Then I quit politics and went back to my profession which I loved. I took a job with the State Department as a regional Mental Health Doctor for 26 countries south of the equator. There was no fundraising involved and I loved to do my work, not worrying about the next election.
But I had a recurring lingering disease called a desire to make change in the world a.k.a. advancing the Common Good.  As a practicing physician, I could see a patient and, hopefully, help with a problem that already existed. But it was hard to see problems that I thought could have been prevented without longing to be back where changes could be made.
 My brother and my campaign manager called me in Zaire and said, ”we’ve got a race you can win.” The devil of the Church of the Economy comes in many forms, including friends who promise help.
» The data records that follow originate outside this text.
Lemma junction_inner i : 0 < i -> i < k -> (ss i != s) && (ss i != t).
Proof.
move=> i_gt0 ik; apply/andP; split; apply/eqP => e.
  by have := series_s_piece ik; rewrite -e (sp_s (pieces ik)) => /(_ isT) i0; rewrite i0 in i_gt0.
have i1k : i.-1 < k by lia.
have : t \in Vs i.-1 by rewrite -e -(prednK i_gt0) -junction ?prednK //; apply: sp_t (pieces i1k).
by move/(series_t_piece i1k); lia.
Qed.

Lemma piece_inner i v : i < k -> v \in Vs i -> v != ss i -> v != ts i ->
  (v != s) && (v != t).
Proof.
move=> ik vi vs vt; apply/andP; split; apply/eqP => e; subst v.
  by have i0 := series_s_piece ik vi; subst i; rewrite first_s eqxx in vs.
by have ik1 := series_t_piece ik vi; subst i; rewrite last_t eqxx in vt.
Qed.

Lemma connect_share_inner_piece i e f : i < k ->
  connect (share_inner (Es i) (ss i) (ts i)) e f -> connect (share_inner ES s t) e f.
Proof.
move=> ik; apply: (connect_share_innerS (bigcup_ord_sup _ ik) (sp_edge_sub (pieces ik))).
by move=> v; apply: piece_inner.
Qed.

Lemma series_linked_to_first : exists f0,
  forall i, i < k -> forall e, e \in Es i -> connect (share_inner ES s t) e f0.
Proof.
have k0 : 0 < k by lia.
have [f0 f0E t0f0] := sp_cover (pieces k0) (sp_t (pieces k0)).
exists f0; elim=> [|i IH] ik e ei.
  have [f fE /andP[tf ef]] := sp_to_t (pieces k0) ei.
  apply: connect_trans (connect_share_inner_piece k0 ef) _.
  have /andP[ts0s ts0t] : (ts 0 != s) && (ts 0 != t) by rewrite junction ?junction_inner.
  exact: share_inner1 (inES k0 fE) (inES k0 f0E) tf t0f0 ts0s ts0t.
have ik' : i < k by lia.
have [f fE /andP[sf ef]] := sp_to_s (pieces ik) ei.
apply: connect_trans (connect_share_inner_piece ik ef) _.
have [g gE tg] := sp_cover (pieces ik') (sp_t (pieces ik')).
apply: connect_trans (IH ik' g gE).
have /andP[ssi_s ssi_t] := junction_inner (ltn0Sn i) ik.
by apply: share_inner1 (inES ik fE) (inES ik' gE) sf _ ssi_s ssi_t; rewrite -junction.
Qed.

Lemma series_linked e f : e \in ES -> f \in ES -> connect (share_inner ES s t) e f.
Proof.
have [f0 to_f0] := series_linked_to_first.
move=> /bigcupP[i _ ei] /bigcupP[j _ fj].
rewrite (connect_trans (to_f0 _ (ltn_ord i) _ ei)) // connect_share_innerC.
exact: to_f0 (ltn_ord j) _ fj.
Qed.

Lemma sp_props_series : sp_props (\bigcup_(i < k) Vs i) ES s t.
Proof.
have k0 : 0 < k by lia.
have k1k : k.-1 < k by lia.
have [P0 Pk] := (pieces k0, pieces k1k).
apply: (sp_props_bigcup pieces).
- apply/negP => /eqP st; have := series_t_piece k0.
  by rewrite -st -first_s (sp_s P0) => /(_ isT); lia.
- by rewrite -first_s; apply: (subsetP (bigcup_ord_sup _ k0)); apply: sp_s P0.
- by rewrite -last_t; apply: (subsetP (bigcup_ord_sup _ k1k)); apply: sp_t Pk.
- have ss_s i : i < k -> connect (adj ES) (ss i) s.
    elim: i => [|i IH] ik; first by rewrite first_s connect0.
    apply: connect_trans _ (IH (ltnW ik)); rewrite -junction // connect_adjC.
    have Pi := pieces (ltnW ik); exact: (connect_piece pieces (ltnW ik) (sp_s Pi) (sp_t Pi)).
  move=> x /bigcupP[i _ xi]; apply: connect_trans (ss_s i (ltn_ord i)).
  exact: (connect_piece pieces (ltn_ord i) xi (sp_s (pieces (ltn_ord i)))).
- move=> e eE; have [f fE sf] := sp_cover P0 (sp_s P0); have fES := inES k0 fE.
  by rewrite first_s in sf; exists f; rewrite // sf series_linked.
- move=> e eE; have [f fE tf] := sp_cover Pk (sp_t Pk); have fES := inES k1k fE.
  by rewrite last_t in tf; exists f; rewrite // tf series_linked.
Qed.

End Series.

Lemma sp_props_of_sp (V : finType) (VS : {set V}) ES s t : sp VS ES s t -> sp_props VS ES s t.
Proof.
elim=> {VS ES s t} [s t|k Vs Es ss ts s t k2 _ IH|k Vs Es s t k2 _ IH _ _].
- exact: sp_props_edge.
- exact: sp_props_series.
- exact: sp_props_parallel (ltnW k2) IH.
Qed.

Lemma nonparallel_linked (V : finType) (VS : {set V}) ES s t :
  sp VS ES s t -> ~ is_parallel VS ES s t ->
  forall e f, e \in ES -> f \in ES -> connect (share_inner ES s t) e f.
Proof.
case=> {VS ES s t} [s t _ _ e f /set1P -> /set1P ->|k Vs Es ss ts s t k2 spi fs lt jn mn mf _|].
- exact: connect0.
- move=> e f eE fE; apply: (series_linked k2 _ fs lt jn mn mf eE fE).
  by move=> i /spi/sp_props_of_sp.
by move=> k Vs Es s t k2 spi meetV meetE []; exists k, Vs, Es.
Qed.

Section Automorphisms.
Variable V : finType.
Implicit Types (VS : {set V}) (ES : {set {set V}}) (s t : V) (g h : {perm V}).

Lemma mem_edge_action ES g e : ('P^* e g \in edge_action ES g) = (e \in ES).
Proof. exact/mem_imset/act_inj. Qed.

Lemma autorP VS ES s t g : reflect
  [/\ 'P^* VS g = VS, g s = s, g t = t & edge_action ES g = ES]%act
  (g \in autor VS ES s t).
Proof.
rewrite in_set; apply: (iffP and4P) => [[/eqP gV /eqP gs /eqP gt /forallP gE]|[gV gs gt gE]].
  split=> //; apply/eqP; rewrite eqEcard card_setact leqnn andbT.
  by apply/subsetP => _ /imsetP[e eE ->]; rewrite -(eqP (gE e)).
by split; try exact/eqP; apply/forallP => e; rewrite -{2}gE mem_edge_action.
Qed.

Lemma autor_group_set VS ES s t : group_set (autor VS ES s t).
Proof.
apply/group_setP; split=> [|g h /autorP[gV gs gt gE] /autorP[hV hs ht hE]]; apply/autorP.
  by split; rewrite ?act1 ?perm1.
by split; rewrite ?actM ?gV ?hV ?gE ?hE // permM ?gs ?gt ?hs ?ht.
Qed.

Canonical autor_group VS ES s t := group (autor_group_set VS ES s t).

End Automorphisms.

Section PrincipalSubgraphs.
Variable V : finType.
Variables (k : nat) (Vs : nat -> {set V}) (Es : nat -> {set {set V}}) (s t : V).
Hypothesis pieces_sp : forall i, i < k -> sp (Vs i) (Es i) s t.
Hypothesis pieces_np : forall i, i < k -> ~ is_parallel (Vs i) (Es i) s t.
Hypothesis meetV : forall i j, i < k -> j < k -> i != j -> Vs i :&: Vs j = [set s; t].
Hypothesis meetE : forall i j, i < k -> j < k -> i != j -> Es i :&: Es j = set0.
I said, “Do an honest poll. Not one where you tell the pollster what you want the result to be. Then raise $30,000 in honest pledges. When you’ve done that, call me back.” They actually did it because I told them I had two kids in college and I wasn’t going to jeopardize their futures on some fly-by night poll.  I knew when I came back, I had to raise enough money for TV ads. I knew I needed about $250,00 -$300,000. I had two opponents who had just finished successful runs for re-election to city council(an African -American) and county assessor(a female).  The question in the district was “Why should we send one more white boy to Congress?”
 Because I was late in entering the race, lots of my friends from 16 years in the legislature had already committed.  I knew what I had to do. Everyday I went to my old monk’s cell at 7:00A.M.  and began cold calls to people in Washington DC.  It was 10:00 A.M. in DC and their first question was, “Why should I get into a contested primary in a district that is likely to go Democratic anyway.” I prayed unceasingly and laid my soul on the altar of the Free Enterprise system.
I got elected by the margins suggested in the poll from 6 months before and went on to get 80+ % in the General election. I hate the system but its very hard to avoid going to the Church and not accepting the Head of the Fed into your heart.
The Question might arise in your mind. Why is it so hard to ask for money for a campaign? For everyone it is a different problem but there are some common themes.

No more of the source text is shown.